「偽装不倫」宮沢氷魚・谷原章介の美しさを押し出しまくる1話 モテない女の自虐はアラサー女性の救いになるのか(2/2 ページ)
男性陣と比べてかなり冴えない主人公・鐘子
鐘子や葉子ら、女性陣の撮り方に比べて圧倒的に丈、賢治が美しいものとして扱われている。それは、ターゲット視聴者の女性が男性陣にときめくための演出。そして、第1話の時点では、特に鐘子がまだまだ「冴えない」存在だということとの対比となっている。
男に話を合わせられない。
モテファッションが似合わないから着られない。
年より老けて見える。
――という3点を、鐘子は自分がモテない理由として掲げる。丈とキスやセックスをしようという夜に、口臭も気にせず日本酒を3本もあおってしまう様子を見ると、ただただデリカシーがない人というだけでは……という気もする。
自分を変えられない。だから恋も結婚もできない。そう思い込んでいた鐘子だが、丈と一緒にいるためならば、自分は既婚者だというウソもつけてしまう。恋をしたら自分を偽れるようになった鐘子。それは、「恋をしている人は誰しもみんなウソつきなのでは」という問いを意味しているのだろうか。第2話では、賢治にウソをついて葉子が不倫をしていることが明らかになる。
「鐘子のたんこぶ」は「鏡にうつった鐘子自身」に
原作漫画では、鐘子の思い込みの激しさへのツッコミ役として、鐘子のたんこぶがキャラクター化されて登場する。ドラマでは、鐘子にツッコむのは鏡にうつった鐘子自身になっていた。

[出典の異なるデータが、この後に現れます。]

(* The function $\check J$ is coercive on $\mathcal M_T$: $\check J(\Sigma_{\rho_0},\dots,\Sigma_{\rho_{T-1}})\to\infty$ as $\|\Sigma_{\rho_k}\|\to\infty$ for any $k\in\{0,\dots,T-1\}$.
   Context: Fix integers $n,m,T\ge 1$, a scalar $\varepsilon>0$, matrices $A_k\in\mathbb R^{n\times n}$, $B_k\in\mathbb R^{n\times m}$ ($k=0,\dots,T-1$), and symmetric positive definite matrices $R_k\in\mathbb R^{m\times m}$, $\Sigma_{w_k}\in\mathbb R^{n\times n}$ ($k=0,\dots,T-1$), $F,\Sigma_{x_{\mathrm{ini}}}\in\mathbb R^{n\times n}$. Let $\mathcal M_T=(\mathbb S^m_{\succeq 0})^T$ with $\mathbb S^m_{\succeq0}$ the symmetric PSD $m\times m$ matrices; $\|\cdot\|$ the Frobenius norm; $\Sigma^{1/2}$ the PSD square root, $|\cdot|$ the determinant. For $(\Sigma_{\rho_0},\dots,\Sigma_{\rho_{T-1}})\in\mathcal M_T$ define backwards $\Pi_T=F$, $C_k=(R_k+B_k^\top\Pi_{k+1}B_k)/\varepsilon$, $\Pi_k=A_k^\top\Pi_{k+1}A_k-\frac1\varepsilon A_k^\top\Pi_{k+1}B_k\Sigma_{\rho_k}^{1/2}(I+\Sigma_{\rho_k}^{1/2}C_k\Sigma_{\rho_k}^{1/2})^{-1}\Sigma_{\rho_k}^{1/2}B_k^\top\Pi_{k+1}A_k$, $\Sigma_{Q_k}=\varepsilon(R_k+B_k^\top\Pi_{k+1}B_k)^{-1}$, and $\check J(\Sigma_{\rho_0},\dots,\Sigma_{\rho_{T-1}})=\frac12\Big[\mathrm{Tr}(\Pi_0\Sigma_{x_{\mathrm{ini}}})+\sum_{k=0}^{T-1}\Big(\varepsilon\log\frac{|\Sigma_{\rho_k}+\Sigma_{Q_k}|}{|\Sigma_{Q_k}|}+\mathrm{Tr}(\Pi_{k+1}\Sigma_{w_k})\Big)\Big]$. *)

From HB Require Import structures.
From mathcomp Require Import all_boot all_order all_algebra.
From mathcomp Require Import boolp classical_sets reals exp.
Set Implicit Arguments. Unset Strict Implicit. Unset Printing Implicit Defensive.
Import Order.TTheory GRing.Theory Num.Theory.
Local Open Scope ring_scope.

Section Defs.
Variable R : realType.

Definition psd (k : nat) (M : 'M[R]_k) : Prop :=
  M^T = M /\ forall x : 'cV[R]_k, 0 <= (x^T *m M *m x) 0 0.
Definition pd (k : nat) (M : 'M[R]_k) : Prop :=
  M^T = M /\ forall x : 'cV[R]_k, x != 0 -> 0 < (x^T *m M *m x) 0 0.

(* PSD square root: the (unique) PSD S with S *m S = M (chosen classically;
   0 if none exists, which never happens for PSD M). *)
Definition sqrtm (k : nat) (M : 'M[R]_k) : 'M[R]_k :=
  xget 0 [set S | psd S /\ S *m S = M].

Definition frob (p q : nat) (M : 'M[R]_(p, q)) : R :=
  Num.sqrt (\sum_(i < p) \sum_(j < q) M i j ^+ 2).

Variables (n m T : nat) (eps : R).
Variables (A : nat -> 'M[R]_n) (B : nat -> 'M[R]_(n, m)) (Rk : nat -> 'M[R]_m)
          (Sw : nat -> 'M[R]_n) (F Sx : 'M[R]_n).
Variable Sig : nat -> 'M[R]_m.

Definition Cmat (k : nat) (Pn : 'M[R]_n) : 'M[R]_m :=
  eps^-1 *: (Rk k + (B k)^T *m Pn *m B k).

Definition Pi_step (k : nat) (Pn : 'M[R]_n) : 'M[R]_n :=
  let S := sqrtm (Sig k) in
  (A k)^T *m Pn *m A k
  - eps^-1 *: ((A k)^T *m Pn *m B k *m S
               *m invmx (1%:M + S *m Cmat k Pn *m S)
               *m S *m (B k)^T *m Pn *m A k).

(* Pi_rev d = Pi_{T-d} *)
Fixpoint Pi_rev (d : nat) : 'M[R]_n :=
  match d with
  | 0 => F
  | d'.+1 => Pi_step (T - d'.+1) (Pi_rev d')
  end.

Definition Pi (k : nat) : 'M[R]_n := Pi_rev (T - k).

Definition SigQ (k : nat) : 'M[R]_m :=
  eps *: invmx (Rk k + (B k)^T *m Pi k.+1 *m B k).

Definition Jcheck : R :=
  2^-1 * (\tr (Pi 0 *m Sx)
          + \sum_(k < T) (eps * ln (\det (Sig k + SigQ k) / \det (SigQ k))
                          + \tr (Pi k.+1 *m Sw k))).
End Defs.

(* Each Riccati step maps PSD matrices to PSD matrices (complete the square),
   so every Pi_k is PSD: all trace terms of J are nonnegative, and so is every
   log-determinant term.  Writing Sigma_rho = L^T L and
   N = eps Sigma_Q^-1 = R_k + B_k^T Pi_(k+1) B_k, Sylvester's identity gives
     det (Sigma_rho + Sigma_Q) / det Sigma_Q = det (1 + L N L^T / eps)
       >= 1 + tr (N Sigma_rho) / eps >= 1 + c |Sigma_rho| / eps,
   using det (1 + K) >= 1 + tr K and |K| <= tr K for K PSD (both by induction
   on the dimension via Schur complements), with c > 0 a common lower bound
   for the R_k.  Hence J >= eps/2 * ln (1 + c |Sigma_rho_k| / eps). *)

From HB Require Import structures.
From mathcomp Require Import all_boot all_order all_algebra ring lra.
From mathcomp Require Import boolp classical_sets reals sequences exp.
Set Implicit Arguments. Unset Strict Implicit. Unset Printing Implicit Defensive.
Import Order.TTheory GRing.Theory Num.Theory.
Local Open Scope ring_scope.

Lemma deg2_ge0_discr (F : realFieldType) (a b c : F) : 0 <= a ->
  (forall t, 0 <= a * t ^+ 2 + 2 * b * t + c) -> b ^+ 2 <= a * c.
Proof.
move=> a_ge0 quad_ge0; have [a0|a_neq0] := eqVneq a 0.
  have [->|b_neq0] := eqVneq b 0; first by rewrite a0 expr0n mul0r.
  have := quad_ge0 (- (c + 1) / (2 * b)).
  have -> : 2 * b * (- (c + 1) / (2 * b)) = - (c + 1) by field.
  rewrite a0 mul0r add0r; lra.
have a_gt0 : 0 < a by rewrite lt_def a_neq0.
have := quad_ge0 (- b / a).
have -> : a * (- b / a) ^+ 2 + 2 * b * (- b / a) + c = c - b ^+ 2 / a by field.
by rewrite subr_ge0 ler_pdivrMr // mulrC.
Qed.

Lemma cauchy_schwarz (F : realFieldType) p (u v : 'I_p -> F) :
  (\sum_i u i * v i) ^+ 2 <= (\sum_i u i ^+ 2) * (\sum_i v i ^+ 2).
Proof.
apply: deg2_ge0_discr => [|t]; first by apply: sumr_ge0 => i _; exact: sqr_ge0.
have -> : (\sum_i u i ^+ 2) * t ^+ 2 + 2 * (\sum_i u i * v i) * t + \sum_i v i ^+ 2
    = \sum_i (u i * t + v i) ^+ 2.
  rewrite mulr_suml mulr_sumr mulr_suml -!big_split /=.
  by apply: eq_bigr => i _; ring.
by apply: sumr_ge0 => i _; exact: sqr_ge0.
Qed.

Lemma det_sylvester (F : comNzRingType) p q (X : 'M[F]_(p, q)) (Y : 'M[F]_(q, p)) :
  \det (1%:M + X *m Y) = \det (1%:M + Y *m X).
Proof.
have lfactor : block_mx 1%:M 0 Y 1%:M *m block_mx 1%:M (- X) 0 (1%:M + Y *m X)
    = block_mx 1%:M (- X) Y 1%:M.
  rewrite mulmx_block ?mul1mx ?mulmx1 ?mul0mx ?mulmx0 ?addr0 ?add0r.
  by rewrite mulmxN addrCA addNr addr0.
have rfactor : block_mx 1%:M (- X) 0 1%:M *m block_mx (1%:M + X *m Y) 0 Y 1%:M
    = block_mx 1%:M (- X) Y 1%:M.
  by rewrite mulmx_block ?mul1mx ?mulmx1 ?mul0mx ?mulmx0 ?addr0 ?add0r mulNmx addrK.
have := congr1 determinant lfactor; rewrite -rfactor !det_mulmx.
by rewrite det_lblock !det_ublock det_lblock !det1 !mul1r !mulr1 => ->.
Qed.

Lemma det_block_schur (F : fieldType) p c (u : 'rV[F]_p) (v : 'cV[F]_p) (D : 'M[F]_p) :
  c != 0 -> \det (block_mx c%:M u v D : 'M_(1 + p)) = c * \det (D - c^-1 *: (v *m u)).
Proof.
move=> c_neq0.
have -> : block_mx c%:M u v D
    = block_mx 1%:M 0 (c^-1 *: v) 1%:M *m block_mx c%:M u 0 (D - c^-1 *: (v *m u)).
  rewrite mulmx_block ?mul1mx ?mul0mx ?mulmx0 ?addr0 ?add0r.
  by rewrite mul_mx_scalar scalerA mulfV // scale1r -scalemxAl addrC subrK.
by rewrite det_mulmx det_lblock det_ublock !det1 !mul1r det_scalar1.
Qed.
(* Let $U$ be a $5$-unitrade with $|U|=12$. Then either $U=W\cup W'$ where $W,W'$ are disjoint $5$-unitrades each equivalent to $W_5$, or $U$ is equivalent to $S=\{\{1,2,3,5,6\}, \{1,2,4,5,6\}, \{1,3,4,5,6\}, \{2,3,4,5,6\}, \{1,2,3,5,7\}, \{1,2,4,5,7\}, \{1,3,4,5,7\}, \{2,3,4,5,7\}, \{1,2,3,6,7\}, \{1,2,4,6,7\}, \{1,3,4,6,7\}, \{2,3,4,6,7\}\}$.
   Context: A $k$-unitrade on a finite set $V$ is a set $U$ of $k$-element subsets (blocks) of $V$ such that every $(k-1)$-element subset of $V$ is contained in an even number of blocks of $U$. Two collections $U_1$ of subsets of $V_1$ and $U_2$ of subsets of $V_2$ are equivalent if there is an injection $f:V_1\to V_2$ with $U_2=\{f(u): u\in U_1\}$. $W_5$ denotes the set of all $5$-element subsets of a $6$-element set. *)

From mathcomp Require Import all_boot.
Set Implicit Arguments. Unset Strict Implicit. Unset Printing Implicit Defensive.

Definition unitrade (V : finType) (k : nat) (U : {set {set V}}) : Prop :=
  (forall B, B \in U -> #|B| = k) /\
  (forall T : {set V}, #|T| = k.-1 -> ~~ odd #|[set B in U | T \subset B]|).

Definition equivalent (V1 V2 : finType) (U1 : {set {set V1}}) (U2 : {set {set V2}}) : Prop :=
  exists f : V1 -> V2, injective f /\ U2 = [set f @: (B : {set V1}) | B in U1].

Definition W5 : {set {set 'I_6}} := [set B : {set 'I_6} | #|B| == 5].

(* The set S on {1,...,7}, with label i represented by (i-1 : 'I_7). *)
Definition lab (n : nat) : 'I_7 := inord n.-1.
Definition blk (a b c d e : nat) : {set 'I_7} := [set lab a; lab b; lab c; lab d; lab e].

Definition S7 : {set {set 'I_7}} :=
  [set blk 1 2 3 5 6; blk 1 2 4 5 6; blk 1 3 4 5 6; blk 2 3 4 5 6;
       blk 1 2 3 5 7; blk 1 2 4 5 7; blk 1 3 4 5 7; blk 2 3 4 5 7;
       blk 1 2 3 6 7; blk 1 2 4 6 7; blk 1 3 4 6 7; blk 2 3 4 6 7].

From mathcomp Require Import all_boot zify.
Set Implicit Arguments. Unset Strict Implicit. Unset Printing Implicit Defensive.

(* A nonempty k-unitrade has more than k blocks, and exactly k+1 only when it
   is the family W_k(A) of all k-subsets of a (k+1)-set A: for a block B and
   x in B some other block contains B - x, and with only k+1 blocks these
   partners all add the same new point to B.  The link of a vertex is a
   (k-1)-unitrade, and the symmetric difference of two unitrades is one.
   By induction on k, a nonempty k-unitrade U with fewer than 2k blocks has
   exactly k+1: if some link is minimal, U shares at least k blocks with some
   W_k(A), and the symmetric difference of U and W_k(A) is a nonempty unitrade
   that is too small; otherwise all degrees are at least 2(k-1), and double
   counting the incidences contradicts the bound on #|U|.
   For a 5-unitrade with 12 blocks, a vertex of degree 5 splits off a copy of
   W_5 and leaves another one.  Otherwise all degrees are at least 8, so the
   blocks lie on 7 points and their complements form a graph in which every
   triangle has an even number of edges.  Such a graph is complete bipartite,
   and 12 edges on 7 points force K_{4,3}, whose complement family is S. *)

Section SetFacts.
Variable T : finType.
Implicit Types A B X Y : {set T}.

Definition symdiff X Y := (X :\: Y) :|: (Y :\: X).

Lemma card_symdiff X Y : #|symdiff X Y| + 2 * #|X :&: Y| = #|X| + #|Y|.
Proof.
have XY0 : (X :\: Y) :&: (Y :\: X) = set0.
  by apply/setP => u; rewrite !inE; case: (u \in X); case: (u \in Y).
have := cardsUI (X :\: Y) (Y :\: X); rewrite XY0 cards0 addn0 => ->.
have := cardsID Y X; have := cardsID X Y; rewrite setIC; lia.
Qed.

Lemma setU1_of_card A B :
  A \subset B -> #|B| = #|A|.+1 -> exists2 b, b \notin A & B = b |: A.
Proof.
move=> sAB cB; have /cards1P[b BAb] : #|B :\: A| == 1.
  by rewrite cardsD (setIidPr sAB) cB subSnn.
have /setDP[bB bA] : b \in B :\: A by rewrite BAb set11.
exists b => //; apply/setP => u; rewrite !inE.
case: (eqVneq u b) => [->|ub] //=; apply/idP/idP => [uB|]; last exact: subsetP.
apply: contraT => uA; have : u \in B :\: A by rewrite inE uA.
by rewrite BAb inE (negbTE ub).
Qed.

Lemma setD1C A a b : A :\ a :\ b = A :\ b :\ a.
Proof. by apply/setP => t; rewrite !inE !andbA [(t != b) && _]andbC. Qed.

Lemma setUDK A B : A \subset B -> A :|: (B :\: A) = B.
Proof. by move=> sAB; rewrite setDE setUIr setUCr setIT (setUidPr sAB). Qed.

Lemma card_set_seq (s : seq T) (p : pred T) :
  uniq s -> #|[set t in s | p t]| = count p s.
Proof.
move=> s_uniq; rewrite -size_filter -(card_uniqP (filter_uniq p s_uniq)).
by apply: eq_card => t; rewrite inE mem_filter andbC.
Qed.

End SetFacts.

Lemma imsetD1 (T T' : finType) (f : T -> T') (A : {set T}) a :
  injective f -> f @: (A :\ a) = f @: A :\ f a.
Proof.
move=> f_inj; apply/setP => y; apply/imsetP/setD1P => [[x /setD1P[xa xA] ->]|].
  by rewrite (inj_eq f_inj) xa imset_f.
case=> ya /imsetP[x xA yx]; exists x => //; rewrite !inE xA andbT.
by apply: contraNneq ya => xa; rewrite yx xa.
Qed.

Lemma imset_imset2 (T1 T2 T' T'' : finType) (g : T' -> T'') (F : T1 -> T2 -> T')
    (A1 : {set T1}) (A2 : {set T2}) :
  [set g B | B in [set F x y | x in A1, y in A2]] = [set g (F x y) | x in A1, y in A2].
Proof. by rewrite !curry_imset2X -imset_comp; apply: eq_imset => -[]. Qed.

Lemma imset2_imset (T1 T2 U1 U2 T' : finType) (F : U1 -> U2 -> T')
    (f1 : T1 -> U1) (f2 : T2 -> U2) (A1 : {set T1}) (A2 : {set T2}) :
  [set F (f1 x) (f2 y) | x in A1, y in A2] = [set F x y | x in f1 @: A1, y in f2 @: A2].
Proof.
apply/setP => z; apply/imset2P/imset2P => [[x y xA yA ->]|].
  by exists (f1 x) (f2 y); rewrite ?imset_f.
by case=> _ _ /imsetP[x xA ->] /imsetP[y yA ->] ->; exists x y.
Qed.

Section Unitrades.
Variable V : finType.
Implicit Types (A B C P S T : {set V}) (U W : {set {set V}}).

Definition ksubsets A (k : nat) := [set B : {set V} | (B \subset A) && (#|B| == k)].
Definition star U v := [set B in U | v \in B].
Definition link U v := [set B :\ v | B in star U v].

Lemma unitrade_symdiff k U W : unitrade k U -> unitrade k W -> unitrade k (symdiff U W).
Proof.
move=> [U_card U_even] [W_card W_even]; split.
  by move=> B; rewrite !inE => /orP[/andP[_ /U_card]|/andP[_ /W_card]].
move=> T cT; set UT := [set B in U | T \subset B]; set WT := [set B in W | T \subset B].
have -> : [set B in symdiff U W | T \subset B] = symdiff UT WT.
  by apply/setP => B; rewrite !inE; case: (B \in U); case: (B \in W); case: (T \subset B).
have /(congr1 odd) := card_symdiff UT WT.
by rewrite !oddD /= addbF addbb addbF (negbTE (U_even T cT)) (negbTE (W_even T cT)) => ->.
Qed.

Lemma ksubsets_succE A k : #|A| = k.+1 -> ksubsets A k = [set A :\ a | a in A].
Proof.
move=> cA; apply/setP => B; rewrite inE; apply/andP/imsetP => [[sBA /eqP cB]|[a aA ->]].
  have [a aB ->] := setU1_of_card sBA (etrans cA (congr1 _ (esym cB))).
  by exists a; rewrite ?setU11 ?setU1K.
by rewrite subD1set; have := cardsD1 a A; rewrite aA cA => -[->].
Qed.

Lemma card_ksubsets_succ A k : #|A| = k.+1 -> #|ksubsets A k| = k.+1.
Proof.
move=> cA; rewrite ksubsets_succE // card_in_imset ?cA // => a b aA bA ab.
by move: (setD11 a A); rewrite ab !inE aA andbT => /negbFE/eqP.
Qed.

Lemma unitrade_ksubsets A k : 0 < k -> #|A| = k.+1 -> unitrade k (ksubsets A k).
Proof.
move=> k_gt0 cA; split=> [B|T cT]; first by rewrite inE => /andP[_ /eqP].
have [sTA|nsTA] := boolP (T \subset A); last first.
  suff -> : [set B in ksubsets A k | T \subset B] = set0 by rewrite cards0.
  apply/setP => B; rewrite !inE; apply: contraNF nsTA => /andP[/andP[sBA _] sTB].
  exact: subset_trans sTB sBA.
have -> : [set B in ksubsets A k | T \subset B] = [set a |: T | a in A :\: T].
  apply/setP => B; rewrite !inE; apply/andP/imsetP => [[/andP[sBA /eqP cB] sTB]|[a]].
    have cBT : #|B| = #|T|.+1 by rewrite cB cT (ltn_predK k_gt0).
    have [a aT BaT] := setU1_of_card sTB cBT.
    by exists a => //; rewrite inE aT (subsetP sBA) // BaT setU11.
  rewrite inE => /andP[aT aA] ->; rewrite subsetUr cardsU1 aT cT subUset sub1set aA sTA.
  by rewrite /= add1n (ltn_predK k_gt0).
rewrite card_in_imset => [|a b]; last first.
  rewrite inE => /andP[aT _] _ ab; have : a \in b |: T by rewrite -ab setU11.
  by rewrite !inE (negbTE aT) orbF => /eqP.
by rewrite cardsD (setIidPr sTA) cA cT; have -> : k.+1 - k.-1 = 2 by lia.
Qed.

(* The default value [B] is never taken when [U] is a unitrade and [x \in B]. *)
Definition partner U B x := odflt B [pick C in U | (C != B) && (B :\ x \subset C)].

Section Partners.
Variables (k : nat) (U : {set {set V}}).
Hypotheses (k_gt0 : 0 < k) (U_unitrade : unitrade k U).

Lemma card_block B : B \in U -> #|B| = k.
Proof. exact: U_unitrade.1. Qed.

Lemma other_block B T :
  B \in U -> T \subset B -> #|T| = k.-1 -> exists2 C, C \in U & (C != B) && (T \subset C).
Proof.
move=> BU sTB cT; have := U_unitrade.2 T cT; rewrite (cardsD1 B) inE BU sTB.
have [->|[C]] := set_0Vmem ([set C in U | T \subset C] :\ B); first by rewrite cards0.
by rewrite !inE => /and3P[CB CU sTC] _; exists C; rewrite ?CB.
Qed.

Lemma partnerP B x : B \in U -> x \in B ->
  [/\ partner U B x \in U, partner U B x != B & B :\ x \subset partner U B x].
Proof.
move=> BU xB; rewrite /partner; case: pickP => [C /and3P[] //|none].
have cBx : #|B :\ x| = k.-1 by have := cardsD1 x B; rewrite xB card_block //; lia.
have [C CU /andP[CB sBC]] := other_block BU (subD1set B x) cBx.
by have := none C; rewrite CU CB sBC.
Qed.

Lemma partnerE B x : B \in U -> x \in B ->
  exists2 w, w \notin B & partner U B x = w |: (B :\ x).
Proof.
move=> BU xB; have [NU NB sBN] := partnerP BU xB.
have cN : #|partner U B x| = #|B :\ x|.+1.
  by have := cardsD1 x B; rewrite xB (card_block BU) (card_block NU); lia.
have [w wBx NE] := setU1_of_card sBN cN; exists w => //.
apply: contra NB => wB; rewrite NE; suff -> : w = x by rewrite setD1K.
by apply/eqP; move: wBx; rewrite !inE wB andbT negbK eq_sym.
Qed.

Lemma partner_notin B x : B \in U -> x \in B -> x \notin partner U B x.
Proof.
move=> BU xB; have [w wB ->] := partnerE BU xB.
by rewrite !inE eqxx /= orbF; apply: contraNneq wB => <-.
Qed.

例えば、本作と同じ衛藤凛が脚本を書いた「サバイバル・ウエディング」も、モテない・結婚できないで悩むアラサー女性・さやか(波瑠)が主人公だった。さやかにツッコミを入れるのは、ぶっ飛んだことを言い出す男・宇佐美(伊勢谷友介)。「常識外れの他者」がアドバイスをするから、一歩間違えば婚活女性への説教っぽくなってしまいそうな内容も、コメディーとして面白く見ることができた。
しかし、「自分との対話」となるとどうだろう。恋や結婚に悩む女性向けの自己啓発書では、自分の本当の願望や理想、反省する点などを挙げていき、自己分析を迫るものがよくある。「私はおばさん」「モテない・結婚できない女」と自虐をして気まずさをやりすごしている女性たちに、また自分で自分を嘲笑させ、自省、自責させるのかと思うと少し気がめいらないでもない。
美しい男性と、泥臭く残念な女性。この対比や「自分との対話」が、本当に今を生きる女性たちの力になるのかどうか、楽しみに見守っていきたい。